The equation is 5y2 – 9x2 = 36
Let us divide the whole equation by 36, we get
\( \dfrac{5y^2}{9}- \dfrac{9x^2}{36}=1\)
= \( \dfrac{36}{36}\)
\( \dfrac{y^2}{\dfrac{36}{5}}-\dfrac{x^2}{4}=1\)

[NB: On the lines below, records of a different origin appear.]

Lemma is_lim_RInt_cos_sinc_sinc xi ka ph d : 0 < xi -> 0 < ka -> d <> 0 ->
  is_lim (fun B => RInt (cos_sinc_sinc xi ka ph d) (- B) B) p_infty
    (/ d * (PI / 4 * (1 + sign (2 * ka - xi)) * sin (ka * d - ph)
          - PI / 4 * (1 + sign (2 * ka - xi)) * sin (ka * (- d) - (ph - xi * d)))).
Proof.
  intros Hxi Hka Hd.
  set (P1 := cos_sin_sinc xi ka ph d). set (P2 := cos_sin_sinc xi ka (ph - xi * d) (- d)).
  assert (C1 : forall x, continuous P1 x) by (intros; apply continuous_cos_sin_sinc).
  assert (C2 : forall x, continuous P2 x) by (intros; apply continuous_cos_sin_sinc).
  assert (ex2 : forall a b, ex_RInt P2 a b) by (intros; now apply ex_RInt_cont).
  pose proof (Rabs_pos d) as Hdp. assert (Had : 0 < Rabs d) by now apply Rabs_pos_lt.
  apply (is_lim_p_infty_approx _ (fun B => / d * (RInt P1 (- B) B - RInt P2 (- B) B))
           _ (2 * Rabs d + 1) 4); [lra|lra|..].
  { apply (is_lim_scal_l _ _ _ (Finite _)), is_lim_minus'; apply is_lim_RInt_cos_sin_sinc; auto. }
  (* shifting the second integral by d costs two integrals over intervals of length |d|
     at distance about B from the origin *)
  intros B HB. assert (HB0 : 0 < B) by lra.
  rewrite (RInt_extR _ (fun u => / d * (P1 u - P2 (u + d))))
    by (intros; now apply cos_sinc_sinc_partial_fractions).
  assert (C3 : forall x, continuous (fun u => P1 u - P2 (u + d)) x).
  { intros x. apply (continuous_minus (V := R_NormedModule) P1 (fun u => P2 (u + d))); auto.
    now apply continuous_shiftR. }
  rewrite RInt_scalR, RInt_minusR, RInt_shiftR
    by (auto; apply ex_RInt_cont; auto; intros; now apply continuous_shiftR).
  rewrite <- (RInt_ChaslesR P2 (- B + d) (- B) (B + d)), <- (RInt_ChaslesR P2 (- B) B (B + d)),
    (RInt_swapR P2 (- B) (- B + d)) by auto.
  assert (H1 : Rabs (RInt P2 (- B) (- B + d)) <= Rabs d * (2 / B)).
  { apply Rabs_RInt_cos_sin_sinc_far_le; try lra. rewrite Rabs_Ropp, Rabs_pos_eq; lra. }
  assert (H2 : Rabs (RInt P2 B (B + d)) <= Rabs d * (2 / B)).
  { apply Rabs_RInt_cos_sin_sinc_far_le; try lra. rewrite Rabs_pos_eq; lra. }
  replace (/ d * (RInt P1 (- B) B - (- RInt P2 (- B) (- B + d)
             + (RInt P2 (- B) B + RInt P2 B (B + d)))) - / d * (RInt P1 (- B) B - RInt P2 (- B) B))
    with (/ d * (RInt P2 (- B) (- B + d) - RInt P2 B (B + d))) by (field; auto).
  rewrite Rabs_mult, Rabs_inv.
  assert (Rabs (RInt P2 (- B) (- B + d) - RInt P2 B (B + d)) <= 2 * (Rabs d * (2 / B))).
  { unfold Rminus. eapply Rle_trans; [apply Rabs_triang|]. rewrite Rabs_Ropp. lra. }
  apply Rle_trans with (/ Rabs d * (2 * (Rabs d * (2 / B)))).
  - apply Rmult_le_compat_l; auto. left; now apply Rinv_0_lt_compat.
  - right. field. split; lra.
Qed.
(* Let $w$ be a nonempty factor of slope $\alpha$ with minimum abelian period $m$. Let $k$ be the largest integer such that $q_k\le m$, and let $t$ be the largest integer such that $tq_k\le m$ and $1\le t\le a_{k+1}$. If $m\notin\mathcal{M}_\alpha$, then $$(q_{k+1}+2t-1)q_k-q_{k+1}\le |w| \quad\text{and}\quad (q_{k+1}+2t-1)q_k-q_{k+1}\le (\mathrm{ab}_\alpha(m)+2)m-2.$$
   Context: $\alpha\in(0,1)$ is irrational with $\alpha=[0;a_1,a_2,\ldots]$, $a_i$ positive integers, and $a_1\ge2$. $q_{-1}=0$, $q_0=1$, $q_1=a_1$, $q_k=a_kq_{k-1}+q_{k-2}$ ($k\ge2$). $\mathcal{M}_\alpha=\{tq_k: k\ge0,\ 1\le t\le a_{k+1}\}$. $\|x\|$ is the distance from $x$ to the nearest integer. Sturmian words: identify the circle $\mathbb{T}$ with $[0,1)$, $R(\rho)=\{\rho+\alpha\}$, with either $I_0=[0,1-\alpha)$, $I_1=[1-\alpha,1)$ or $I_0=(0,1-\alpha]$, $I_1=(1-\alpha,1]$; $\mathbf{s}_{\rho,\alpha}$ has $n$-th letter $0$ if $R^n(\rho)\in I_0$ and $1$ otherwise; all such words share the set $\mathcal{L}_\alpha$ of finite factors (factors of slope $\alpha$). Parikh vector of a binary word $u$: $(|u|_0,|u|_1)$; $P$ is contained in $Q$ if $P\le Q$ componentwise and $P\neq Q$. An abelian decomposition of $w$ is $w=u_0u_1\cdots u_{n-1}u_n$, $n\ge2$, with $u_1,\ldots,u_{n-1}$ of common Parikh vector $P$ and the Parikh vectors of $u_0,u_n$ contained in $P$; the common length of $u_1,\ldots,u_{n-1}$ is an abelian period of $w$, and the minimum abelian period is the least one. An abelian power of period $m$ and exponent $e$ is a concatenation of $e$ pairwise abelian equivalent words of length $m$; $\mathrm{ab}_\alpha(m)$ is the maximum exponent of an abelian power of period $m$ in $\mathcal{L}_\alpha$ (it is known that $\mathrm{ab}_\alpha(m)=\lfloor 1/\|m\alpha\|\rfloor$). *)

(* concrete reals R, words as lists of bool (false = letter 0, true = letter 1). *)
From Stdlib Require Import Reals ZArith List.
Open Scope R_scope.

Definition irrational (x : R) : Prop :=
  forall (p : Z) (q : nat), (0 < q)%nat -> x <> IZR p / INR q.
Lemma shiftn_inj k : injective (shiftn k).
Proof.
apply: (can_inj (g := shiftn (n - k %% n))) => x.
rewrite shiftnD /shiftn -Zp_nat_mod // -modnDmr subnK ?modnn; last exact/ltnW/ltn_pmod.
by rewrite -[shift _ _]/(shiftn 0 x) shiftn0.
Qed.

Lemma shift_shiftn (g : 'Z_n) x : shift g x = shiftn g x.
Proof. by rewrite /shiftn natr_Zp. Qed.

Lemma iter_shift1 k x : iter k (shiftn 1) x = shiftn k x.
Proof. by elim: k => [|k /= ->]; rewrite ?shiftn0 // shiftnD. Qed.

Let shift1_sym := fconnect_sym (@shiftn_inj 1).

Definition period (x : X) : nat := fingraph.order (shiftn 1) x.
Definition orbit_rep (x : X) : X := froot (shiftn 1) x.
Definition offset (x : X) : nat := findex (shiftn 1) (orbit_rep x) x.

Lemma period_gt0 x : 0 < period x.
Proof. exact: fingraph.order_gt0. Qed.

Lemma shiftn_period x : shiftn (period x) x = x.
Proof. by rewrite -iter_shift1 iter_order //; apply: shiftn_inj. Qed.

Lemma shiftn_modp k x : shiftn k x = shiftn (k %% period x) x.
Proof.
have shiftn_mulp i : shiftn (i * period x) x = x.
  by elim: i => [|i IHi]; rewrite ?shiftn0 // mulSn -shiftnD IHi shiftn_period.
by rewrite {1}(divn_eq k (period x)) addnC -shiftnD shiftn_mulp.
Qed.

Lemma shiftn_eq_mod a b x : shiftn a x = shiftn b x <-> a = b %[mod period x].
Proof.
rewrite shiftn_modp [shiftn b x]shiftn_modp; split=> [|-> //].
have findex_shiftn k : findex (shiftn 1) x (shiftn (k %% period x) x) = k %% period x.
  by rewrite -iter_shift1 findex_iter // ltn_pmod ?period_gt0.
by move/(congr1 (findex (shiftn 1) x)); rewrite !findex_shiftn.
Qed.

Lemma shiftn_fix k x : shiftn k x = x <-> period x %| k.
Proof.
rewrite -{2}[x]shiftn0 /dvdn; split=> [/shiftn_eq_mod|/eqP kp0]; first by rewrite mod0n => ->.
by apply/shiftn_eq_mod; rewrite mod0n.
Qed.

Lemma period_dvdn x : period x %| n.
Proof. exact/shiftn_fix/shiftnn. Qed.

Lemma eq_period x y :
  (forall k, shiftn k x = x <-> shiftn k y = y) -> period x = period y.
Proof.
move=> eq_fix; apply/eqP; rewrite eqn_dvd; apply/andP; split.
  by apply/shiftn_fix/eq_fix/shiftn_period.
by apply/shiftn_fix/eq_fix/shiftn_period.
Qed.

Lemma period_shiftn k x : period (shiftn k x) = period x.
Proof.
apply: eq_period => j; rewrite !shiftnD addnC -shiftnD.
by split=> [/shiftn_inj | ->].
Qed.

Lemma fconnect_shiftn x y : fconnect (shiftn 1) x y <-> exists k, y = shiftn k x.
Proof.
split=> [/iter_findex <-|[k ->]]; first by exists (findex (shiftn 1) x y); rewrite iter_shift1.
by rewrite -iter_shift1 fconnect_iter.
Qed.

Lemma orbit_rep_eq x y : orbit_rep x = orbit_rep y <-> exists k, y = shiftn k x.
Proof.
split=> [eq_rep|/fconnect_shiftn]; last by rewrite -(root_connect shift1_sym) => /eqP.
by apply/fconnect_shiftn; rewrite -(root_connect shift1_sym) -/(orbit_rep _) eq_rep.
Qed.

Lemma orbit_rep_shiftn k x : orbit_rep (shiftn k x) = orbit_rep x.
Proof. by apply/esym/orbit_rep_eq; exists k. Qed.

Lemma orbit_repK x : orbit_rep (orbit_rep x) = orbit_rep x.
Proof. exact: root_root shift1_sym x. Qed.

Lemma period_orbit_rep x : period (orbit_rep x) = period x.
Proof.
have [k ->] := (orbit_rep_eq x (orbit_rep x)).1 (esym (orbit_repK x)).
exact: period_shiftn.
Qed.

Lemma shiftn_offset x : shiftn (offset x) (orbit_rep x) = x.
Proof. by rewrite -iter_shift1 iter_findex // shift1_sym connect_root. Qed.

Lemma offset_lt x : offset x < period x.
Proof. by rewrite -period_orbit_rep findex_max // shift1_sym connect_root. Qed.

Lemma offset_rep (x : X) : orbit_rep x = x -> offset x = 0.
Proof. by rewrite /offset => ->; apply: findex0. Qed.

Lemma offset_shiftn_rep k (x : X) :
  orbit_rep x = x -> offset (shiftn k x) = k %% period x.
Proof.
rewrite /offset orbit_rep_shiftn => ->.
by rewrite shiftn_modp -iter_shift1 findex_iter // ltn_pmod ?period_gt0.
Qed.

Lemma offset_shiftn k (x : X) : offset (shiftn k x) = k + offset x %[mod period x].
Proof.
rewrite -period_orbit_rep; apply/shiftn_eq_mod.
by rewrite -shiftnD shiftn_offset -{1}(orbit_rep_shiftn k x) shiftn_offset.
Qed.

End ShiftOrbits.

Section Counting.
Variables (m : nat) (A : finType).
Local Notation n := m.+2.
Local Notation X := (config n A).

Definition of_period d := [set x : X | period x == d].
Definition orbit_reps d := [set x in of_period d | orbit_rep x == x].
Definition fixed d := [set x : X | shiftn d x == x].

Lemma orbit_rep_in x : orbit_rep x \in orbit_reps (period x).
Proof. by rewrite !inE period_orbit_rep orbit_repK !eqxx. Qed.

Lemma card_of_period d : #|of_period d| = #|orbit_reps d| * d.
Proof.
rewrite -(@fcard_order_set _ _ (@shiftn_inj m A 1) d (of_period d)).
- by congr (_ * _); apply: eq_card => x; rewrite !inE andbC.
- by apply/subsetP => x; rewrite !inE.
- by move=> x _ /eqP <-; rewrite !inE -[shiftn 1 x]/(shiftn 1 x) period_shiftn.
Qed.

Lemma sum_card_of_period d : 0 < d ->
  \sum_(b <- divisors d) #|of_period b| = #|fixed d|.
Proof.
move=> d_gt0; have card_sum b : #|of_period b| = \sum_(x : X) (period x == b : nat).
  by rewrite -sum1_card big_mkcond; apply: eq_bigr => x _; rewrite inE.
rewrite (eq_bigr _ (fun b _ => card_sum b)).
rewrite exchange_big -sum1_card [RHS]big_mkcond /=; apply: eq_bigr => x _.
rewrite (eq_bigr (fun b => if period x == b then 1 else 0)) => [|b _]; last by case: eqP.
rewrite -big_mkcond sum1_count (eq_count (a2 := pred1 (period x))) => [|b]; last exact: eq_sym.
rewrite count_uniq_mem ?divisors_uniq // -dvdn_divisors // inE.
have [/shiftn_fix ->|pNd] := boolP (period x %| d); first by rewrite eqxx.
by case: eqP => // /shiftn_fix; rewrite (negbTE pNd).
Qed.

Section PeriodicExtension.
Variables (d : nat) (d_gt0 : 0 < d) (d_dvd_n : d %| n).

Definition periodic_ext (u : {ffun 'I_d -> A}) : X :=
  [ffun h : 'Z_n => u (Ordinal (ltn_pmod (nat_of_ord h) d_gt0))].

Lemma periodic_ext_fixed u : shiftn d (periodic_ext u) = periodic_ext u.
Proof.
apply/ffunP => h; rewrite !ffunE; congr (u _); apply: ord_inj => /=.
by rewrite val_Zp_nat // modn_dvdm // -modnDmr modn_dvdm // modnDmr modnDr.
Qed.

Lemma periodic_ext_inj : injective periodic_ext.
Proof.
move=> u u' eq_uu'; apply/ffunP => i.
have i_lt_n : i < n := leq_trans (ltn_ord i) (dvdn_leq (isT : 0 < n) d_dvd_n).
have ext_i : Ordinal (ltn_pmod (nat_of_ord (i%:R : 'Z_n)%R) d_gt0) = i.
  by apply: ord_inj; rewrite /= val_Zp_nat // !modn_small.
by have := congr1 (fun x : X => x (i%:R)%R) eq_uu'; rewrite !ffunE ext_i.
Qed.

Lemma fixed_periodic_ext (x : X) :
  shiftn d x = x -> x = periodic_ext [ffun i : 'I_d => x (i%:R)%R].
Proof.
move=> /shiftn_fix /dvdnP[k pk]; apply/ffunP => h; rewrite !ffunE.
have x_dk : shiftn (h %/ d * d) x = x by apply/shiftn_fix; rewrite pk mulnA dvdn_mull.
by rewrite -[in RHS]x_dk ffunE -natrD /= addnC -divn_eq natr_Zp.
Qed.

Lemma card_fixed : #|fixed d| = #|A| ^ d.
Proof.
have -> : fixed d = periodic_ext @: setT.
  apply/setP => x; rewrite inE; apply/eqP/imsetP => [/fixed_periodic_ext ->|[u _ ->]].
    by eexists.
  exact: periodic_ext_fixed.
by rewrite card_imset ?cardsT ?card_ffun ?card_ord //; apply: periodic_ext_inj.
Qed.

End PeriodicExtension.

Lemma alpha_card_orbit_reps d : d %| n -> alpha d #|A| = #|orbit_reps d|.
Proof.
move=> d_dvd_n; have d_gt0 := dvdn_gt0 (isT : 0 < n) d_dvd_n.
suff sum_eq : (\sum_(b <- divisors d) mobius (d %/ b) * Posz #|A| ^+ b)%R
             = Posz (#|orbit_reps d| * d).
  by rewrite /alpha sum_eq PoszM mulzK // -lt0n.
apply: (mobius_inversion (g := fun b => Posz (#|orbit_reps b| * b))) => // b b_dvd_d.
have b_gt0 := dvdn_gt0 d_gt0 b_dvd_d.
rewrite -natz -natrX natz -(card_fixed b_gt0 (dvdn_trans b_dvd_d d_dvd_n)).
rewrite -sum_card_of_period // -natz natr_sum.
by apply: eq_bigr => c _; rewrite card_of_period natz.
Qed.

End Counting.

(** * Cellular automata are the shift-equivariant maps *)

Section Automata.
Variables (m : nat) (A : finType).
Local Notation n := m.+2.
Local Notation X := (config n A).

Definition shift_equivariant (tau : X -> X) :=
  forall (g : 'Z_n) x, tau (shift g x) = shift g (tau x).

Lemma is_CA_equivariant (tau : X -> X) : is_CA tau <-> shift_equivariant tau.
Proof.
split=> [[S [mu tauE]] g x|tau_eq].
  apply/ffunP => h; rewrite tauE [RHS]ffunE tauE; congr (mu (restr S _)).
  by apply/ffunP => k; rewrite !ffunE addrA.
exists [set: 'Z_n], (fun r => tau [ffun h => r (exist _ h (in_setT h))] 0%R) => x g.
have -> : [ffun h => restr [set: 'Z_n] (shift g x) (exist _ h (in_setT h))] = shift g x.
  by apply/ffunP => h; rewrite !ffunE.
by rewrite tau_eq ffunE add0r.
Qed.

Lemma is_ICA_equivariant (p : {perm X}) : is_ICA p <-> shift_equivariant p.
Proof.
split=> [[/is_CA_equivariant //]|p_eq]; split; apply/is_CA_equivariant => // g x.
by apply: (@perm_inj _ p); rewrite p_eq !permKV.
Qed.

Section Equivariant.
Variable p : {perm X}.
Hypothesis p_eq : shift_equivariant p.

Lemma equivariant_shiftn k x : p (shiftn k x) = shiftn k (p x).
Proof. exact: p_eq. Qed.

Lemma period_equivariant x : period (p x) = period x.
Proof. by apply: eq_period => k; rewrite -equivariant_shiftn; split=> [/perm_inj|->]. Qed.

Lemma orbit_rep_equivariant_inj x y :
  orbit_rep (p x) = orbit_rep (p y) -> orbit_rep x = orbit_rep y.
Proof.
move/orbit_rep_eq => [k pyE]; apply/orbit_rep_eq; exists k.
by apply: (@perm_inj _ p); rewrite equivariant_shiftn.
Qed.

End Equivariant.

Lemma equivariantM (s t : {perm X}) :
  shift_equivariant s -> shift_equivariant t -> shift_equivariant (s * t)%g.
Proof. by move=> s_eq t_eq g x; rewrite !permM s_eq t_eq. Qed.

End Automata.

(** * Wreath coordinates of an equivariant permutation *)

Lemma Zp_nat_eq_mod d a b : 1 < d -> a = b %[mod d] -> (a%:R : 'Z_d)%R = b%:R%R.
Proof. by move=> d_gt1 ab; rewrite -Zp_nat_mod // ab Zp_nat_mod. Qed.

(* The identity when [g] is not injective. *)
Definition perm_of k (g : 'I_k -> 'I_k) : {perm 'I_k} :=
  if injectiveP g is ReflectT g_inj then perm g_inj else 1%g.

Lemma perm_ofE k (g : 'I_k -> 'I_k) : injective g -> perm_of g =1 g.
Proof. by rewrite /perm_of; case: injectiveP => // g_inj _ x; rewrite permE. Qed.

Section WreathCoordinates.
Variables (m : nat) (A : finType) (x0 : config m.+2 A).
Local Notation n := m.+2.
Local Notation X := (config n A).
Local Notation q := #|A|.

(* [x0] is only the default of [nth]: the indices used are [j < alpha d q = #|orbit_reps d|]. *)
Definition rep d j : X := nth x0 (enum (orbit_reps m A d)) j.
Definition rep_index (x : X) : nat := index (orbit_rep x) (enum (orbit_reps m A (period x))).

Lemma rep_in d j : d %| n -> j < alpha d q -> rep d j \in orbit_reps m A d.
Proof.
by move=> d_dvd_n; rewrite (@alpha_card_orbit_reps m A) // cardE -mem_enum; apply: mem_nth.
Qed.

Lemma orbit_rep_rep d j : d %| n -> j < alpha d q -> orbit_rep (rep d j) = rep d j.
Proof. by move=> d_dvd_n /(rep_in d_dvd_n); rewrite !inE => /andP[_ /eqP]. Qed.

Lemma period_rep d j : d %| n -> j < alpha d q -> period (rep d j) = d.
Proof. by move=> d_dvd_n /(rep_in d_dvd_n); rewrite !inE => /andP[/eqP]. Qed.

Lemma rep_index_lt (x : X) : rep_index x < alpha (period x) q.
Proof.
by rewrite (@alpha_card_orbit_reps m A) ?period_dvdn // cardE index_mem mem_enum orbit_rep_in.
Qed.

Lemma rep_rep_index (x : X) : rep (period x) (rep_index x) = orbit_rep x.
Proof. by rewrite /rep nth_index // mem_enum orbit_rep_in. Qed.

Lemma rep_index_rep d j : d %| n -> j < alpha d q -> rep_index (rep d j) = j.
Proof.
move=> d_dvd_n j_lt; rewrite /rep_index orbit_rep_rep // period_rep // index_uniq ?enum_uniq //.
by rewrite -cardE -(@alpha_card_orbit_reps m A).
Qed.

Lemma rep_index_shiftn k (x : X) : rep_index (shiftn k x) = rep_index x.
Proof. by rewrite /rep_index orbit_rep_shiftn period_shiftn. Qed.

(* On the orbits of period [d], listed by [rep d], an equivariant [p] acts by the
   permutation [wreath_perm p d] together with the shifts [wreath_shift p d]:
   the element (v; phi) of Z_d wr Sym_alpha(d,q). *)
Definition wreath_perm (p : {perm X}) d : {perm 'I_(alpha d q)} :=
  perm_of (fun j : 'I_(alpha d q) => insubd j (rep_index (p (rep d j)))).

Definition wreath_shift (p : {perm X}) d : {ffun 'I_(alpha d q) -> 'Z_d} :=
  [ffun j : 'I_(alpha d q) => (offset (p (rep d j)))%:R%R].

Section Equivariant.
Variables (p : {perm X}) (d : nat).
Hypotheses (p_eq : shift_equivariant p) (d_dvd_n : d %| n).

Lemma period_equivariant_rep (j : 'I_(alpha d q)) : period (p (rep d j)) = d.
Proof. by rewrite period_equivariant // period_rep. Qed.

Lemma wreath_permE (j : 'I_(alpha d q)) :
  val (wreath_perm p d j) = rep_index (p (rep d j)).
Proof.
have idx_lt (i : 'I_(alpha d q)) : rep_index (p (rep d i)) < alpha d q.
  by have := rep_index_lt (p (rep d i)); rewrite period_equivariant_rep.
rewrite /wreath_perm perm_ofE ?val_insubd ?idx_lt // => j1 j2 /(congr1 val).
rewrite !val_insubd !idx_lt // => idx_eq.
have : orbit_rep (p (rep d j1)) = orbit_rep (p (rep d j2)).
  by rewrite -!rep_rep_index !period_equivariant_rep idx_eq.
move/(orbit_rep_equivariant_inj p_eq); rewrite !orbit_rep_rep // => /(congr1 rep_index).
by rewrite !rep_index_rep // => /val_inj.
Qed.

Lemma equivariant_rep (j : 'I_(alpha d q)) :
  p (rep d j) = shiftn (offset (p (rep d j))) (rep d (wreath_perm p d j)).
Proof.
rewrite wreath_permE; have := period_equivariant_rep j; set y := p (rep d j).
by move=> <-; rewrite rep_rep_index shiftn_offset.
Qed.

End Equivariant.

Section Product.
Variables (s t : {perm X}) (d : nat).
Hypotheses (s_eq : shift_equivariant s) (t_eq : shift_equivariant t) (d_dvd_n : d %| n).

On comparing this equation with the standard equation of hyperbola
\( \dfrac{x^2}{a^2}\) +\( \dfrac{y^2}{b^2}\) = 1,
We get a = \( \dfrac{6}{\sqrt{5}}\) and b = 2,
It is known that, a2 + b2 = c2
So,
c2 = \( \dfrac{36}{5}\) + 4
c2 = \( \dfrac{56}{5}\)
c = \( \sqrt{\dfrac{56}{5}}\)
= \( \dfrac{2\sqrt{14}}{\sqrt{5}}\)
Then,
The coordinates of the foci are
(0, \( \dfrac{2\sqrt{14}}{\sqrt{5}}\)) and (0, – \( \dfrac{2\sqrt{14}}{\sqrt{5}}\)).
The coordinates of the vertices are
(0,\( \dfrac{6}{\sqrt{5}}\)) and (0, \( - \dfrac{6}{\sqrt{5}}\)).
Eccentricity, e =\( \dfrac{c}{a}\)
= \( \dfrac{ \dfrac{2\sqrt{14}}{\sqrt{5}}}{\dfrac{6}{\sqrt{5}}}\)
= \(\dfrac{\sqrt{14}}{3}\)
Length of latus rectum = \( \dfrac{2b^2}{a}\)
= \( \dfrac{(2×2^2)}{\dfrac{6}{\sqrt{5}}}\)
= \( \dfrac{(2×4)}{\dfrac{6}{\sqrt{5}}}\)
= \(\dfrac{4\sqrt{5}}{3}\)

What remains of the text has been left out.